**Materials provided**
(* Let $d\ge2$ and $n\in\mathbb N_0$. Every $Z\in\mathcal V_n^d(\mathsf w_{-1,-1})$ satisfies $$\mathcal D_{-1}Z=-n(n+d-2)\,Z.$$ Moreover, $\mathcal V_n^d(\mathsf w_{-1,-1})=\mathcal H_n^{d,0}\oplus(1-t)\,\mathcal V_{n-1}^d(\mathsf w_{-1,1})$ (with the second summand $\{0\}$ when $n=0$).
   Context: Cone points $(x,t)=(t\xi,t)$, $\xi\in\mathbb S^{d-1}$. $\mathcal D_\gamma=t(1-t)\frac{\partial^2}{\partial t^2}+\big(d-1-(d+\gamma)t\big)\frac{\partial}{\partial t}+t^{-1}\Delta_0^{(\xi)}$, acting on functions of $(t,\xi)$, $t$-derivatives at fixed $\xi$, $\Delta_0^{(\xi)}$ the Laplace–Beltrami operator on $\mathbb S^{d-1}$. $\mathcal H_m^{d,0}$: homogeneous harmonic polynomials of degree $m$ on $\mathbb R^d$, with basis $\{Y_\ell^m\}$ orthonormal on $\mathbb S^{d-1}$ for normalized surface measure. Jacobi polynomials for real parameters: $P_n^{(\alpha,\beta)}(u)=\sum_{k=0}^n\frac{(\alpha+k+1)_{n-k}(-n)_k(n+\alpha+\beta+1)_k}{n!\,k!}(\frac{1-u}{2})^k$; $A_n^{(\alpha,\beta)}=2^n/(n+\alpha+\beta+1)_n$; $\widehat P_n^{(\alpha,\beta)}=A_n^{(\alpha,\beta)}P_n^{(\alpha,\beta)}$. $J_n^{(\alpha,-1)}(u)=1$ for $n=0$ and $J_n^{(\alpha,-1)}(u)=\int_{-1}^u\widehat P_{n-1}^{(\alpha+1,0)}(w)\mathrm dw$ for $n\ge1$. $\mathcal V_n^d(\mathsf w_{-1,-1})$ is the span of $\{J_{n-m}^{(2m+d-2,-1)}(1-2t)Y_\ell^m(x):0\le m\le n,\ \ell\}$ (the Sobolev orthogonal polynomials of degree $n$ for $\beta=-1$, $s=1$), and $\mathcal V_k^d(\mathsf w_{-1,1})$ is the span of $\{P_{k-m}^{(2m+d-2,1)}(1-2t)Y_\ell^m(x):0\le m\le k,\ \ell\}$ (the orthogonal polynomials of degree $k$ on the cone for the weight $t^{-1}(1-t)$); all as functions on the cone. *)

From HB Require Import structures.
From mathcomp Require Import all_boot all_order all_algebra.
From mathcomp Require Import all_classical all_reals all_analysis.
Set Implicit Arguments. Unset Strict Implicit. Unset Printing Implicit Defensive.
Import Order.TTheory GRing.Theory Num.Theory numFieldNormedType.Exports.
Local Open Scope classical_set_scope.
Local Open Scope ring_scope.

Section Defs.
Variable R : realType.

Definition poch (a : R) (k : nat) : R := \prod_(i < k) (a + i%:R).

Definition jacobiP (al be : R) (n : nat) (u : R) : R :=
  \sum_(k < n.+1)
    poch (al + k%:R + 1) (n - k) * poch (- n%:R) k * poch (n%:R + al + be + 1) k
    / (n`! * k`!)%:R * ((1 - u) / 2) ^+ k.

Definition jacobiA (al be : R) (n : nat) : R := 2 ^+ n / poch (n%:R + al + be + 1) n.

Definition jacobiPhat (al be : R) (n : nat) (u : R) : R :=
  jacobiA al be n * jacobiP al be n u.

Definition oint (a b : R) (f : R -> R) : R :=
  if a <= b then (\int[lebesgue_measure]_(w in `[a, b]) f w)
  else - (\int[lebesgue_measure]_(w in `[b, a]) f w).

Definition jacobiJ (al : R) (n : nat) (u : R) : R :=
  match n with
  | 0 => 1
  | n'.+1 => oint (-1) u (jacobiPhat (al + 1) 0 n')
  end.

Variable d : nat.

Definition sqnorm (x : 'rV[R]_d) : R := \sum_(i < d) x ord0 i ^+ 2.
Definition enorm (x : 'rV[R]_d) : R := Num.sqrt (sqnorm x).
Definition on_sphere (xi : 'rV[R]_d) : Prop := sqnorm xi = 1.

Definition evec (i : 'I_d) : 'rV[R]_d := delta_mx ord0 i.

Definition laplacian (f : 'rV[R]_d -> R) (x : 'rV[R]_d) : R :=
  \sum_(i < d) derive (fun y => derive f y (evec i)) x (evec i).

(* Laplace--Beltrami operator on S^{d-1}: Laplacian of the 0-homogeneous
   extension x |-> g (x / |x|), evaluated on the sphere *)
Definition laplaceBeltrami (g : 'rV[R]_d -> R) (xi : 'rV[R]_d) : R :=
  laplacian (fun x => g ((enorm x)^-1 *: x)) xi.

Definition monomial m (a : {ffun 'I_d -> 'I_m.+1}) (x : 'rV[R]_d) : R :=
  \prod_(i < d) x ord0 i ^+ a i.

Definition homog_poly (m : nat) (Y : 'rV[R]_d -> R) : Prop :=
  exists c : {ffun 'I_d -> 'I_m.+1} -> R,
    forall x, Y x = \sum_(a : {ffun 'I_d -> 'I_m.+1} | (\sum_(i < d) (a i : nat))%N == m)
                      c a * monomial a x.

Definition harmH (m : nat) : set ('rV[R]_d -> R) :=
  [set Y | homog_poly m Y /\ forall x, laplacian Y x = 0].

(* a function on the cone is represented as Z : R -> 'rV_d -> R, Z t xi;
   only its values for 0 <= t <= 1, |xi| = 1 matter *)
Definition cone_eq (Z W : R -> 'rV[R]_d -> R) : Prop :=
  forall t xi, 0 <= t <= 1 -> on_sphere xi -> Z t xi = W t xi.

Definition Dop (gam : R) (Z : R -> 'rV[R]_d -> R) (t : R) (xi : 'rV[R]_d) : R :=
  t * (1 - t) * derive1 (derive1 (fun s => Z s xi)) t
  + (d%:R - 1 - (d%:R + gam) * t) * derive1 (fun s => Z s xi) t
  + t^-1 * laplaceBeltrami (Z t) xi.

Definition Vmm (n : nat) : set (R -> 'rV[R]_d -> R) :=
  [set Z | exists Y : nat -> 'rV[R]_d -> R,
     (forall m, (m <= n)%N -> harmH m (Y m)) /\
     cone_eq Z (fun t xi => \sum_(m < n.+1)
        jacobiJ ((2 * m + d)%:R - 2) (n - m) (1 - 2 * t) * Y m (t *: xi))].

Definition Vmp (k : nat) : set (R -> 'rV[R]_d -> R) :=
  [set Z | exists Y : nat -> 'rV[R]_d -> R,
     (forall m, (m <= k)%N -> harmH m (Y m)) /\
     cone_eq Z (fun t xi => \sum_(m < k.+1)
        jacobiP ((2 * m + d)%:R - 2) 1 (k - m) (1 - 2 * t) * Y m (t *: xi))].

Definition Hcone (n : nat) : set (R -> 'rV[R]_d -> R) :=
  [set W | exists Y, harmH n Y /\ cone_eq W (fun t xi => Y (t *: xi))].

Definition second_summand (n : nat) : set (R -> 'rV[R]_d -> R) :=
  match n with
  | 0 => [set W | cone_eq W (fun _ _ => 0)]
  | n'.+1 => [set W | exists Q, Vmp n' Q /\ cone_eq W (fun t xi => (1 - t) * Q t xi)]
  end.

End Defs.

Arguments Vmm {R} d n _.
Arguments Vmp {R} d k _.
Arguments Hcone {R} d n _.
Arguments second_summand {R} d n _.
Arguments harmH {R} d m _.
Arguments cone_eq {R} d Z W.
Arguments on_sphere {R} d xi.
Arguments Dop {R} d gam Z t xi.
Arguments laplaceBeltrami {R} d g xi.
Arguments laplacian {R} d f x.

From HB Require Import structures.
From mathcomp Require Import all_boot all_order all_algebra.
From mathcomp Require Import all_classical all_reals all_analysis.
From mathcomp Require Import ring lra zify.
Set Implicit Arguments. Unset Strict Implicit. Unset Printing Implicit Defensive.
Import Order.TTheory GRing.Theory Num.Theory numFieldNormedType.Exports.
Local Open Scope classical_set_scope.
Local Open Scope ring_scope.

(* Everything rests on one identity, for al >= 0:
     J_{k+1}^{(al,-1)}(1 - 2t) = c_k (1 - t) P_k^{(al,1)}(1 - 2t),  c_k <> 0,
   obtained by integrating d/ds[(1 - s) P_k^{(al,1)}] = -(k+1) P_k^{(al+1,0)}
   (Jacobi polynomials written in s = (1 - u)/2), itself a coefficientwise
   consequence of the hypergeometric sums.
   - The decomposition follows directly: the term m = n of a member of V_n is
     the harmonic Y_n(x), the terms m < n form (1 - t) times a member of
     V_{n-1}(w_{-1,1}); the sum is direct since the second summand vanishes at
     t = 1, where an element of H_n is determined.
   - For the eigenvalue equation, each term t^m J_{n-m}(1 - 2t) Y_m(xi) separates:
     the radial factor satisfies a hypergeometric equation (the Jacobi equation
     for (1 - s) P_k^{(al,1)}), and Y_m restricted to the sphere satisfies
     Delta_0 Y_m = -m(m+d-2) Y_m, which we prove by differentiating the
     0-homogeneous extension |x|^{-m} Y_m(x) along coordinate lines and using
     Euler's identity and Delta Y_m = 0.
   The file proceeds: Jacobi coefficients, Jacobi equations, the integral
   formula for J, local and directional derivatives, homogeneous polynomials,
   the Laplace--Beltrami eigenvalue, the eigenvalue equation, the decomposition. *)

Section JacobiCoefficients.
Variable R : realType.
Implicit Types (a al be : R).

Definition jcoef al be (n j : nat) : R :=
  poch (al + j%:R + 1) (n - j) * poch (- n%:R) j * poch (n%:R + al + be + 1) j
    / (n`! * j`!)%:R.

Definition jacobi_poly al be n : {poly R} := \poly_(j < n.+1) jcoef al be n j.

Lemma jacobiP_horner al be n u :
  jacobiP al be n u = (jacobi_poly al be n).[(1 - u) / 2].
Proof. by rewrite /jacobiP horner_poly. Qed.

Lemma pochS a n : poch a n.+1 = poch a n * (a + n%:R).
Proof. by rewrite /poch big_ord_recr. Qed.

Lemma pochSl a n : poch a n.+1 = a * poch (a + 1) n.
Proof.
rewrite /poch big_ord_recl addr0; congr (_ * _); apply: eq_bigr => i _.
by rewrite /= /bump /= add1n -natr1; ring.
Qed.

(* (-n)_j = 0 for j > n: this is what truncates the hypergeometric series. *)
Lemma poch_neg_nat n j : (n < j)%N -> poch (- (n%:R : R)) j = 0.
Proof.
elim: j => // j IH; rewrite ltnS leq_eqVlt => /orP[/eqP nj|nj].
  by rewrite pochS nj addNr mulr0.
by rewrite pochS IH // mul0r.
Qed.

Lemma jcoef_gt al be n j : (n < j)%N -> jcoef al be n j = 0.
Proof. by move=> /poch_neg_nat h; rewrite /jcoef h mulr0 mul0r mul0r. Qed.

Lemma coef_jacobi_poly al be n j : (jacobi_poly al be n)`_j = jcoef al be n j.
Proof. by rewrite /jacobi_poly coef_poly; case: ltnP => // /jcoef_gt ->. Qed.

Lemma jcoef_rec al k j : (j.+1%:R * (j%:R + al + 1)) * jcoef al 1 k j.+1
   = (j%:R - k%:R) * (j%:R + k%:R + al + 2) * jcoef al 1 k j.
Proof.
have [jk|kj] := ltnP j k; last first.
  rewrite (@jcoef_gt al 1 k j.+1) ?ltnS // mulr0.
  move: kj; rewrite leq_eqVlt => /orP[/eqP->|/jcoef_gt->]; last by rewrite mulr0.
  by rewrite subrr !mul0r.
have [e ->] : exists e, k = (j + e.+1)%N by exists (k - j.+1)%N; lia.
rewrite /jcoef addKn (_ : (j + e.+1 - j.+1 = e)%N); last by rewrite addnS subSS addKn.
rewrite (pochSl (al + j%:R + 1) e) (pochS (- _)) (pochS (_ + al + 1 + 1)) factS !natrM.
have -> : al + j.+1%:R + 1 = al + j%:R + 1 + 1 by rewrite -natr1; ring.
have fact_neq0 m : (m`!%:R : R) != 0 by rewrite pnatr_eq0 -lt0n fact_gt0.
have h1 := fact_neq0 (j + e.+1); have h2 := fact_neq0 j.
by field; rewrite h1 h2 nat1r pnatr_eq0.
Qed.

Lemma jcoef_shift al k j :
  (al + j%:R + 1) * jcoef (al + 1) 0 k j = (al + k%:R + 1) * jcoef al 1 k j.
Proof.
have [jk|kj] := leqP j k; last by rewrite !jcoef_gt ?mulr0.
have [e ->] : exists e, k = (j + e)%N by exists (k - j)%N; lia.
rewrite /jcoef addKn.
have -> : al + 1 + j%:R + 1 = (al + j%:R + 1) + 1 by ring.
have -> : (j + e)%:R + (al + 1) + 0 + 1 = (j + e)%:R + al + 1 + 1 by ring.
rewrite !mulrA -pochSl pochS natrD; ring.
Qed.

End JacobiCoefficients.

**What you are asked to do**
Every line that includes "mathbb" must be copied from the material above.

**Result below**
(* Let $d\ge2$ and $n\in\mathbb N_0$. Every $Z\in\mathcal V_n^d(\mathsf w_{-1,-1})$ satisfies $$\mathcal D_{-1}Z=-n(n+d-2)\,Z.$$ Moreover, $\mathcal V_n^d(\mathsf w_{-1,-1})=\mathcal H_n^{d,0}\oplus(1-t)\,\mathcal V_{n-1}^d(\mathsf w_{-1,1})$ (with the second summand $\{0\}$ when $n=0$).
   Context: Cone points $(x,t)=(t\xi,t)$, $\xi\in\mathbb S^{d-1}$. $\mathcal D_\gamma=t(1-t)\frac{\partial^2}{\partial t^2}+\big(d-1-(d+\gamma)t\big)\frac{\partial}{\partial t}+t^{-1}\Delta_0^{(\xi)}$, acting on functions of $(t,\xi)$, $t$-derivatives at fixed $\xi$, $\Delta_0^{(\xi)}$ the Laplace–Beltrami operator on $\mathbb S^{d-1}$. $\mathcal H_m^{d,0}$: homogeneous harmonic polynomials of degree $m$ on $\mathbb R^d$, with basis $\{Y_\ell^m\}$ orthonormal on $\mathbb S^{d-1}$ for normalized surface measure. Jacobi polynomials for real parameters: $P_n^{(\alpha,\beta)}(u)=\sum_{k=0}^n\frac{(\alpha+k+1)_{n-k}(-n)_k(n+\alpha+\beta+1)_k}{n!\,k!}(\frac{1-u}{2})^k$; $A_n^{(\alpha,\beta)}=2^n/(n+\alpha+\beta+1)_n$; $\widehat P_n^{(\alpha,\beta)}=A_n^{(\alpha,\beta)}P_n^{(\alpha,\beta)}$. $J_n^{(\alpha,-1)}(u)=1$ for $n=0$ and $J_n^{(\alpha,-1)}(u)=\int_{-1}^u\widehat P_{n-1}^{(\alpha+1,0)}(w)\mathrm dw$ for $n\ge1$. $\mathcal V_n^d(\mathsf w_{-1,-1})$ is the span of $\{J_{n-m}^{(2m+d-2,-1)}(1-2t)Y_\ell^m(x):0\le m\le n,\ \ell\}$ (the Sobolev orthogonal polynomials of degree $n$ for $\beta=-1$, $s=1$), and $\mathcal V_k^d(\mathsf w_{-1,1})$ is the span of $\{P_{k-m}^{(2m+d-2,1)}(1-2t)Y_\ell^m(x):0\le m\le k,\ \ell\}$ (the orthogonal polynomials of degree $k$ on the cone for the weight $t^{-1}(1-t)$); all as functions on the cone. *)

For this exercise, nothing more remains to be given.